(* Let $G=(\mathcal V,\mathcal E)$, $\chi$, $C$, $2\le m\le n$ and $\mathbb L_m$ be as in the context. Let $\mathcal R_1=\max_{\Gamma\in\mathbb L_m}\|\Gamma\|_1$, $\mathcal R_H=\max_{\Gamma,\Gamma'\in\mathbb L_m}\big(H(\Gamma)-H(\Gamma')\big)$, let $\mathcal V_m$ be the set of vertices of $\mathbb L_m$, let $\mathcal V_m^*\subseteq\mathcal V_m$ be the set of vertices minimizing $\langle C,\cdot\rangle$ over $\mathbb L_m$, and let $\Delta=\min_{V_1\in\mathcal V_m\setminus\mathcal V_m^*,\,V_2\in\mathcal V_m^*}\big(\langle C,V_1\rangle-\langle C,V_2\rangle\big)$. Suppose $\mathbb L_m$ is tight and $|\mathcal V_m^*|=1$. If $\eta\ge \frac{2\mathcal R_1\log(64\mathcal R_1)+2\mathcal R_1+2\mathcal R_H}{\Delta}$, then the rounded assignment $x\in\chi^n$ given by $x_i=\arg\max_{x'\in\chi}(\Gamma_\eta^* )_i(x')$ for each $i\in\mathcal V$ is a MAP assignment, i.e. it maximizes $\sum_{i\in\mathcal V}\theta_i(x_i)+\sum_{ij\in\mathcal E}\theta_{ij}(x_i,x_j)$ over $\chi^n$.
   Context: A pairwise graphical model has vertex set $\mathcal V=\{1,\dots,n\}$, edge set $\mathcal E$ (each vertex lies on at least one edge), and state set $\chi=\{0,\dots,d-1\}$, with potentials $\theta_i:\chi\to\mathbb R$ ($i\in\mathcal V$) and $\theta_{ij}:\chi^2\to\mathbb R$ ($ij\in\mathcal E$). The cost is $C=-\theta$. For $2\le m\le n$, the Sherali–Adams polytope $\mathbb L_m$ is the set of collections $\Gamma=(\Gamma_S)_{S\subseteq\mathcal V,\,1\le|S|\le m}$ of nonnegative functions $\Gamma_S:\chi^S\to[0,\infty)$, each summing to $1$, such that for $S\subset T$ marginalizing $\Gamma_T$ over the variables in $T\setminus S$ gives $\Gamma_S$; write $\Gamma_i=\Gamma_{\{i\}}$ and $\Gamma_{ij}(x_i,x_j)=\Gamma_{\{i,j\}}(x_i,x_j)$. The cost $C$ is extended to all coordinates with value $0$ on subsets that are neither singletons nor edges, and $\langle C,\Gamma\rangle=\sum_i\sum_{x}C_i(x)\Gamma_i(x)+\sum_{ij\in\mathcal E}\sum_{x_i,x_j}C_{ij}(x_i,x_j)\Gamma_{ij}(x_i,x_j)$. $\|\Gamma\|_1$ is the sum of absolute values of all entries. The entropy is $H(\Gamma)=\sum(\Gamma(-\log\Gamma+1))$ summed over all entries. For $\eta>0$, $\Gamma_\eta^*$ denotes the minimizer of $\langle C,\Gamma\rangle-\frac1\eta H(\Gamma)$ over $\Gamma\in\mathbb L_m$. $\mathbb L_m$ is called tight if the linear program $\max_{\Gamma\in\mathbb L_m}\langle\theta,\Gamma\rangle$ has an integral (all entries in $\{0,1\}$) optimal solution. *)

From HB Require Import structures.
From mathcomp Require Import all_boot all_order all_algebra.
From mathcomp Require Import reals exp.
Set Implicit Arguments. Unset Strict Implicit. Unset Printing Implicit Defensive.
Import Order.TTheory GRing.Theory Num.Theory.
Local Open Scope ring_scope.

(* A coordinate (S, x_S) with
   x_S in chi^S is encoded as a partial assignment y : 'I_n -> option 'I_d
   whose support {i | y i != None} is S. *)
Definition pa (n d : nat) := {ffun 'I_n -> option 'I_d}.

Definition supp n d (y : pa n d) : {set 'I_n} := [set i | y i != None].

Definition valid (m : nat) n d (y : pa n d) : bool :=
  (1 <= #|supp y|)%N && (#|supp y| <= m)%N.

Definition pt1 n d (i : 'I_n) (a : 'I_d) : pa n d :=
  [ffun k => if k == i then Some a else None].
Definition pt2 n d (i j : 'I_n) (a b : 'I_d) : pa n d :=
  [ffun k => if k == i then Some a else if k == j then Some b else None].

Definition agrees n d (S : {set 'I_n}) (z y : pa n d) : bool :=
  [forall i in S, z i == y i].

(* Sherali-Adams polytope L_m.  Vectors are functions on all partial
   assignments, required to vanish on non-coordinates (so that equality of
   vectors is equality of their coordinates). *)
Definition SA_poly (R : realType) (n d m : nat) (G : pa n d -> R) : Prop :=
  [/\ (forall y, ~~ valid m y -> G y = 0),
      (forall y, valid m y -> 0 <= G y),
      (forall S : {set 'I_n}, (1 <= #|S|)%N -> (#|S| <= m)%N ->
          \sum_(y : pa n d | supp y == S) G y = 1) &
      (forall S T : {set 'I_n}, S \proper T -> (1 <= #|S|)%N -> (#|T| <= m)%N ->
          forall y : pa n d, supp y = S ->
            G y = \sum_(z : pa n d | (supp z == T) && agrees S z y) G z)].
Lemma enorm_le_norm_tnth (M : R) v : 0 <= M -> (forall i, `|tnth v i| <= M) ->
  enorm v <= n%:R * M.
Proof.
move=> M0 vM; rewrite /enorm -(ger0_norm (mulr_ge0 (ler0n _ n) M0)) -sqrtr_sqr.
rewrite ler_wsqrtr//; apply: (@le_trans _ _ (\sum_(i < n) M ^+ 2)).
- apply: ler_sum => i _.
  by rewrite -[_ ^+ 2]real_normK ?num_real// ler_sqr ?nnegrE ?vM.
- rewrite sumr_const card_ord -[_ *+ n]mulr_natl exprMn; apply: ler_wpM2r; first exact: sqr_ge0.
  by rewrite -natrX ler_nat expnS -{1}[n]muln1 leq_mul2l; case: (n).
Qed.

Lemma enorm_vsub_le u v w :
  enorm (vsub u w) <= n%:R * (enorm (vsub u v) + enorm (vsub v w)).
Proof.
apply: enorm_le_norm_tnth => [|i]; first by rewrite addr_ge0 ?enorm_ge0.
have -> : tnth (vsub u w) i = tnth (vsub u v) i + tnth (vsub v w) i.
  by rewrite !tnth_mktuple addrA subrK.
by rewrite (le_trans (ler_normD _ _))// lerD ?norm_tnth_le_enorm.
Qed.

Lemma cube_sub_eball (rho : R) c v : (0 < n)%N -> 0 < rho ->
  (forall i, `|tnth (vsub v c) i| <= rho / (2 * n%:R)) -> eball c rho v.
Proof.
move=> n_gt0 rho0 vc; rewrite /eball/=.
have n0 : n%:R != 0 :> R by rewrite pnatr_eq0 -lt0n.
have q0 : 0 <= rho / (2 * n%:R) by rewrite divr_ge0 ?(ltW rho0) ?mulr_ge0.
apply: le_lt_trans (enorm_le_norm_tnth q0 vc) _.
have -> : n%:R * (rho / (2 * n%:R)) = rho / 2 by field.
lra.
Qed.

End euclidean.

Section segment.
Context {R : realType} {n : nat}.
Implicit Types (x y : n.-tuple R).

Definition segment x y (t : R) : n.-tuple R :=
  [tuple tnth x i + t * (tnth y i - tnth x i) | i < n].

Lemma segment0 x y : segment x y 0 = x.
Proof. by apply: eq_from_tnth => i; rewrite tnth_mktuple mul0r addr0. Qed.

Lemma segment1 x y : segment x y 1 = y.
Proof. by apply: eq_from_tnth => i; rewrite tnth_mktuple mul1r addrC subrK. Qed.

Lemma enorm_segment x y t u :
  enorm (vsub (segment x y t) (segment x y u)) = `|t - u| * enorm (vsub y x).
Proof. by apply: enormZ => i; rewrite !tnth_mktuple; ring. Qed.

Lemma eboundary_between (Om : set (n.-tuple R)) x y : Om x -> ~ Om y ->
  exists z, eboundary Om z /\ enorm (vsub z x) <= enorm (vsub y x).
Proof.
move=> Ox nOy; set N := enorm (vsub y x); have N0 : 0 <= N by exact: enorm_ge0.
have := exists_crossing (A := Om \o segment x y); rewrite /= segment0 segment1.
move=> /(_ Ox nOy) [t /andP[t0 t1] cross].
exists (segment x y t); split; last first.
  by rewrite -[X in vsub _ X](segment0 x y) enorm_segment subr0 ger0_norm// ler_piMl.
move=> r r0; have e0 : 0 < r / (N + 1) by rewrite divr_gt0//; lra.
have ball_seg u : `|t - u| < r / (N + 1) -> eball (segment x y t) r (segment x y u).
  move=> tu; rewrite /eball/= enorm_segment distrC.
  rewrite ltr_pdivlMr in tu; last by lra.
  by apply: le_lt_trans tu; rewrite ler_wpM2l// lerDl.
have [[u Au tu] [v nAv tv]] := cross _ e0.
by split; [exists (segment x y u) | exists (segment x y v)]; split=> //; exact: ball_seg.
Qed.

End segment.

Section distance.
Context {R : realType} {n : nat}.
Variables (Om : set (n.-tuple R)) (x : n.-tuple R).
(* Let $S$ be an infinite supernatural number and let $\lambda$ be a non-archimedean length function on $\widetilde{\mathbb Z_S}$. Then there exist a scale $s=(s_m)_{m\ge1}$ for $S$ and an increasing sequence $l=(l_m)_{m\ge1}$ of numbers in $(1,\infty)$ with $\lim_{m\to\infty}l_m=\infty$ such that $\lambda=\lambda_{s,l}$.
   Context: $\widetilde{\mathbb Z_S}=\{z\in\mathbb C: z^s=1\text{ for some natural number } s\mid S\}$. A non-archimedean length function on $\widetilde{\mathbb Z_S}$ is a function $\lambda:\widetilde{\mathbb Z_S}\to[1,\infty)$ such that (i) $\lambda(z)=1$ iff $z=1$; (ii) $\lambda(z_1z_2)\le\max\{\lambda(z_1),\lambda(z_2)\}$; (iii) for every $r\ge1$ the set $\{z:\lambda(z)\le r\}$ is finite. A scale for $S$ is a sequence of positive integers $(s_m)_{m\ge1}$ with $s_m\mid s_{m+1}$, $s_m<s_{m+1}$, $S=\mathrm{lcm}(s_m)$; set $s_0:=1$, $l_0:=1$. Every $z\ne1$ in $\widetilde{\mathbb Z_S}$ is uniquely $z=e^{2\pi ij/s_m}$ with $m\ge1$, $0<j<s_m$, $s_m/s_{m-1}\nmid j$, and $\lambda_{s,l}$ is defined by $\lambda_{s,l}(1)=1$ and $\lambda_{s,l}(e^{2\pi ij/s_m})=l_m$ for such $z$. *)

From mathcomp Require Import all_boot all_order all_algebra all_field.
From mathcomp Require Import reals.
Set Implicit Arguments. Unset Strict Implicit. Unset Printing Implicit Defensive.
Import Order.TTheory GRing.Theory Num.Theory.
Local Open Scope ring_scope.

(* A supernatural number S = prod_p p^(e_p), e_p in N u {oo}, represented by its
   exponent function on primes: S p = Some e_p, or None for e_p = oo.
   (Values at non-primes are irrelevant.) *)
Definition supernat := nat -> option nat.

Definition sdvd (n : nat) (S : supernat) : Prop :=
  forall p, prime p -> match S p with Some k => is_true (logn p n <= k)%N | None => True end.

Definition snat_finite (S : supernat) : Prop :=
  exists n : nat, (0 < n)%N /\ forall p, prime p -> S p = Some (logn p n).

Definition snat_infinite (S : supernat) : Prop := ~ snat_finite S.

Definition inZS (S : supernat) (z : algC) : Prop :=
  exists s : nat, (0 < s)%N /\ sdvd s S /\ z ^+ s = 1.

(* non-archimedean length function on ~Z_S (lambda given as a function on C,
   only its values on ~Z_S matter) *)
Definition na_length (R : realType) (S : supernat) (lam : algC -> R) : Prop :=
  [/\ (forall z, inZS S z -> 1 <= lam z),
      (forall z, inZS S z -> (lam z = 1 <-> z = 1)),
      (forall z1 z2, inZS S z1 -> inZS S z2 ->
          lam (z1 * z2) <= Num.max (lam z1) (lam z2)) &
      (forall r : R, 1 <= r -> exists F : seq algC,
          forall z, inZS S z -> lam z <= r -> z \in F)].

(* S is the lcm of the natural numbers s_m, m >= 1: for each prime p,
   e_p = sup_m logn p s_m (possibly infinite) *)
Definition is_lcm_seq (S : supernat) (s : nat -> nat) : Prop :=
  forall p, prime p ->
    match S p with
    | Some k => (forall m, (1 <= m)%N -> (logn p (s m) <= k)%N) /\
                exists m, (1 <= m)%N /\ logn p (s m) = k
    | None => forall k, exists m, (1 <= m)%N /\ (k < logn p (s m))%N
    end.

Definition is_scale (S : supernat) (s : nat -> nat) : Prop :=
  [/\ (forall m, (1 <= m)%N -> (0 < s m)%N),
      (forall m, (1 <= m)%N -> (s m %| s m.+1)%N),
      (forall m, (1 <= m)%N -> (s m < s m.+1)%N) &
      is_lcm_seq S s].

Definition sc (s : nat -> nat) (m : nat) : nat := if m == 0%N then 1%N else s m.

(* e^{2 pi i / n} in algC: n.-root (-1) is the n-th root of -1 of minimal
   nonnegative argument, i.e. e^{i pi / n}; its square is e^{2 pi i / n}. *)
Definition expi (n j : nat) : algC := ((n.-root (-1)) ^+ 2) ^+ j.

(* lam = lambda_{s,l} on ~Z_S: lambda_{s,l}(1) = 1 and
   lambda_{s,l}(e^{2 pi i j / s_m}) = l_m for m >= 1, 0 < j < s_m,
   s_m / s_{m-1} not dividing j (every z <> 1 in ~Z_S has exactly one such
   representation). *)
Definition eq_lambda_sl (R : realType) (lam : algC -> R)
    (s : nat -> nat) (l : nat -> R) : Prop :=
  lam 1 = 1 /\
  forall m j, (1 <= m)%N -> (0 < j)%N -> (j < s m)%N ->
    ~~ (s m %/ sc s m.-1 %| j)%N ->
    lam (expi (s m) j) = l m.

(* A closed ball B_r = {z : lambda z <= r}, r >= 1, is a finite subgroup of ~Z_S, hence
   equal to the group mu_n of n-th roots of unity for some n | S.  Since S is infinite,
   lambda is unbounded, while it takes only finitely many values below any bound; so its
   values are 1 = l_0 < l_1 < l_2 < ... with l_m -> oo.  With B_(l_m) = mu_(s_m), the s_m
   form a scale for S (every p^k | S divides some s_m because l_m -> oo), and an element
   of mu_(s_m) outside mu_(s_(m-1)) has length in (l_(m-1), l_m], hence exactly l_m.
   The only geometric input is that (n.-root (-1))^2, the encoding of e^(2 pi i / n), is a
   primitive n-th root of unity. *)

From mathcomp Require Import all_boot all_order all_algebra all_field.
From mathcomp Require Import boolp reals.
From mathcomp Require Import ring lra zify.
Set Implicit Arguments.
Unset Strict Implicit.
Unset Printing Implicit Defensive.
Import Order.TTheory GRing.Theory Num.Theory.
Local Open Scope ring_scope.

__________

● **Task**
Set down, exactly as they stand above, the lines starting with the line with "Definition valid (m" and going on through the line with "[/\ (forall y, ~~", and no others.

● **Response box**
Definition valid (m : nat) n d (y : pa n d) : bool :=
  (1 <= #|supp y|)%N && (#|supp y| <= m)%N.

Definition pt1 n d (i : 'I_n) (a : 'I_d) : pa n d :=
  [ffun k => if k == i then Some a else None].
Definition pt2 n d (i j : 'I_n) (a b : 'I_d) : pa n d :=
  [ffun k => if k == i then Some a else if k == j then Some b else None].

Definition agrees n d (S : {set 'I_n}) (z y : pa n d) : bool :=
  [forall i in S, z i == y i].

(* Sherali-Adams polytope L_m.  Vectors are functions on all partial
   assignments, required to vanish on non-coordinates (so that equality of
   vectors is equality of their coordinates). *)
Definition SA_poly (R : realType) (n d m : nat) (G : pa n d -> R) : Prop :=
  [/\ (forall y, ~~ valid m y -> G y = 0),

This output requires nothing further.